Regular immunosuppressant drug monitoring is important for maintaining the drug concentrations of organ recipients within the therapeutic range. The standardized liquid chromatography-tandem mass spectrometry (LC-TMS) technique has been used for the accurate analysis of immunosuppressive drugs. In the present study, the performance of the recently developed high‑throughput, rapid ultra‑performance liquid chromatography combined with tandem mass spectrometry (UPLC‑TMS) method was validated for the simultaneous measurement of cyclosporin A and tacrolimus in whole blood. The method of measuring cyclosporin A and tacrolimus using UPLC-TMS was established and the precision, limit of detection (LOD), limit of quantitation (LOQ) and matrix effect were validated. In addition, the performance of UPLC-TMS was compared with that of a chemiluminescence immunoassay (CLIA) in >3,400 clinical specimens. The UPLC-TMS revealed a within-run and between‑run precision of <8% and showed a bias of <5%. The LOD and LOQ were 2.0 and 2.5 ng/ml for cyclosporin A, and 0.3 and 0.4 ng/ml for tacrolimus, respectively. Interference from the matrix was not observed. The CLIA measurements of cyclosporin A and tacrolimus showed correlations corresponding with the formulae: Concentration(CLIA) = 1.18 x UPLC-TMS - 5.85; [95% CI: proportional, 1.16‑1.19; constant, -6.86-(-4.81)] and Concentration(CLIA) = 1.14 x UPLC-TMS - 0.38; [(95% CI: proportional, 1.13-1.14; constant, -0.35-(-0.43)], respectively. The majority of results were higher for the immunoassay than for the UPLC-TMS. The newly developed rapid UPLC-TMS method was suitable for use with a large therapeutic concentration range of the analyzed immunosuppressive drugs. Sample preparation was simple and it was possible to detect several immunosuppressants simultaneously, thus significantly lowering the cost of analysis. In conclusion, this method may contribute to improved accuracy and may be preferred to immunoassays for the routine clinical measurement of immunosuppressive drug concentrations in whole blood.

Introduction

Numerous immunosuppressive drugs, including cyclosporin A, tacrolimus (previously termed FK 506), sirolimus (rapamycin), everolimus and mycophenolic acid, are used to prevent the rejection of transplanted organs or tissues (1). Narrow therapeutic indices, variable inter- and intra-individual pharmacokinetics and pharmacodynamics complicate drug dosing. To maintain drug concentrations in the therapeutic range and minimize their toxicity or the risk of organ rejection, regular immunosuppressant drug monitoring is required (2,3).

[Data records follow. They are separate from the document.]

Lemma contract_lmul x t (beta : Lam -> 'I_n -> Lam) : (forall j, is_linear (beta^~ j)) ->
  contract (lmul_mx x *m t) (fun i j => beta (b i) j) = contract t (fun i j => beta (x * b i) j).
Proof.
move=> beta_lin; rewrite /contract.
transitivity (\sum_k \sum_j \sum_i (lmul_mx x k i * t i j) *: beta (b k) j).
  by apply: eq_bigr => k _; apply: eq_bigr => j _; rewrite mxE scaler_suml.
rewrite exchange_big /=.
transitivity (\sum_j \sum_i \sum_k (lmul_mx x k i * t i j) *: beta (b k) j).
  by apply: eq_bigr => j _; rewrite exchange_big.
rewrite exchange_big /=; apply: eq_bigr => i _; apply: eq_bigr => j _.
rewrite (is_linear_bcoordE b_basis (x * b i) (beta_lin j)) scaler_sumr.
by apply: eq_bigr => k _; rewrite mxE scalerA mulrC.
Qed.

Lemma contract_rmul y t (beta : 'I_n -> Lam -> Lam) : (forall i, is_linear (beta i)) ->
  contract (t *m rmul_mx y) (fun i j => beta i (b j)) = contract t (fun i j => beta i (b j * y)).
Proof.
move=> beta_lin; rewrite /contract; apply: eq_bigr => i _.
transitivity (\sum_k \sum_j (t i j * rmul_mx y j k) *: beta i (b k)).
  by apply: eq_bigr => k _; rewrite mxE scaler_suml.
rewrite exchange_big /=; apply: eq_bigr => j _.
rewrite (is_linear_bcoordE b_basis (b j * y) (beta_lin i)) scaler_sumr.
by apply: eq_bigr => k _; rewrite mxE scalerA.
Qed.

Lemma mult_lmul x t : mult (lmul_mx x *m t) = x * mult t.
Proof.
rewrite /mult (@contract_lmul x t (fun u j => u * b j)); last first.
  by move=> j; split=> [u v | a u]; rewrite ?mulrDl ?scalerAl.
by rewrite -contractMl; apply: eq_contract => i j; rewrite mulrA.
Qed.

Lemma mult_rmul y t : mult (t *m rmul_mx y) = mult t * y.
Proof.
rewrite /mult (@contract_rmul y t (fun i v => b i * v)); last first.
  by move=> i; split=> [u v | a u]; rewrite ?mulrDr ?scalerAr.
by rewrite -contractMr; apply: eq_contract => i j; rewrite mulrA.
Qed.

Lemma lmul_mxM x y : lmul_mx (x * y) = lmul_mx x *m lmul_mx y.
Proof.
apply/matrixP => k i; rewrite !mxE -mulrA {1}(bcoordK b_basis (y * b i)) mulr_sumr.
under eq_bigr do rewrite -scalerAr.
by rewrite (bcoord_sum b_basis); apply: eq_bigr => j _; rewrite !mxE mulrC.
Qed.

Several common and easily automated immunoassays are currently used to determine the concentrations of immunosuppressive drugs. These include: the enzyme multiplied immunoassay, radioimmunoassay, enzyme-linked immunosorbent assay, cloned enzyme donor immunoassay, chemiluminescence immunoassay (CLIA) and fluorescence polarization immunoassay (4,5). A primary disadvantage of these methods is that cross-reactions between drugs and metabolites may result in overestimation of the drug concentration with unacceptable bias. Furthermore, they are high in cost and are not able to assay multiple drugs simultaneously.

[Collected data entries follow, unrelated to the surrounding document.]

Theorem theorem3 (R : realType) (d : measure_display) (T : measurableType d)
    (Pr : probability T R)
    (k m : nat) (i1 : 'I_k) (Hi1 : nat_of_ord i1 = 0%N)
    (coll : {set {set 'I_k}}) (Hcoll : forall I, I \in coll -> I != finset.set0)
    (c : {set 'I_k} -> 'rV[R]_m) (Hc : forall I r, I \in coll -> 0 <= c I 0 r)
    (B : 'rV[R]_m) (HB : forall r, 0 <= B 0 r)
    (Hcl : exists2 I0, I0 \in coll & i1 \in I0 /\ forall r, c I0 0 r <= B 0 r)
    (X : 'I_k -> {RV Pr >-> R}) (HX2 : forall i, (X i : T -> R) \in Lfun Pr 2%:E)
    (gamma_min : R)
    (Hgev : eigenvalue (cov_mx Pr (fun i => X i)) gamma_min)
    (Hgmin : forall g, eigenvalue (cov_mx Pr (fun i => X i)) g -> gamma_min <= g)
    (Hgpos : 0 < gamma_min)
    (Sigma_hat : 'M[R]_k) (HSh : sym_posdef Sigma_hat)
    (Hclose : frob (Sigma_hat - cov_mx Pr (fun i => X i)) <= gamma_min / 2)
    (n : {set 'I_k} -> nat) (lam : {set 'I_k} -> 'cV[R]_k)
    (Hmin : is_minimizer coll c B Sigma_hat n lam)
    (Xs : {set 'I_k} * nat -> 'I_k -> {RV Pr >-> R})
    (Hlaw : forall f, same_law Pr (fun i => Xs f i) (fun i => X i))
    (Hind : mutually_independent Pr
              (fun f : {set 'I_k} * nat => f.1 \in coll /\ (f.2 < n f.1)%N)
              (fun f i => Xs f i)) :
  let Sigma := cov_mx Pr (fun i => X i) in
  let theta_star := (e1 R k)^T *m mean_vec Pr (fun i => X i) in
  ('E_Pr[fun w => ((multippi_est coll n lam (fun f i => Xs f i) w - theta_star 0 0) ^+ 2)%R]
     <= (V_B coll c B Sigma
         + 4 * sigma2_classical coll c B Sigma i1 / gamma_min
           * frob (Sigma_hat - Sigma))%:E)%E.
Proof.
cbv zeta; have [[_ [_ Hu]] _] := Hmin.
rewrite (mse_multippi_est HX2 Hlaw Hind Hu) lee_fin.
set Sigma := cov_mx Pr (fun i => X i).
have Sigma_sym : Sigma^T = Sigma.
  by apply/matrixP => i j; rewrite !mxE covarianceC.
have Sigma_ge := quad_ge_min_eigenvalue Sigma_sym Hgmin.
exact: (objective_le_VB_sigma2 Hi1 Hgpos Sigma_ge Hclose Hmin HSh Hc Hcl).
Qed.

Liquid chromatography-mass spectrometry/mass spectrometry (LC-MS/MS) has the potential to circumvent the problems of poor specificity by separating drugs from metabolites and, therefore, is one of the most selective methods applied to therapeutic drug monitoring (TDM) (6). Several LC techniques using ultraviolet detection, mass spectrometry or tandem mass spectrometry (TMS) have been developed for the measurement of immunosuppressant drug concentrations (712).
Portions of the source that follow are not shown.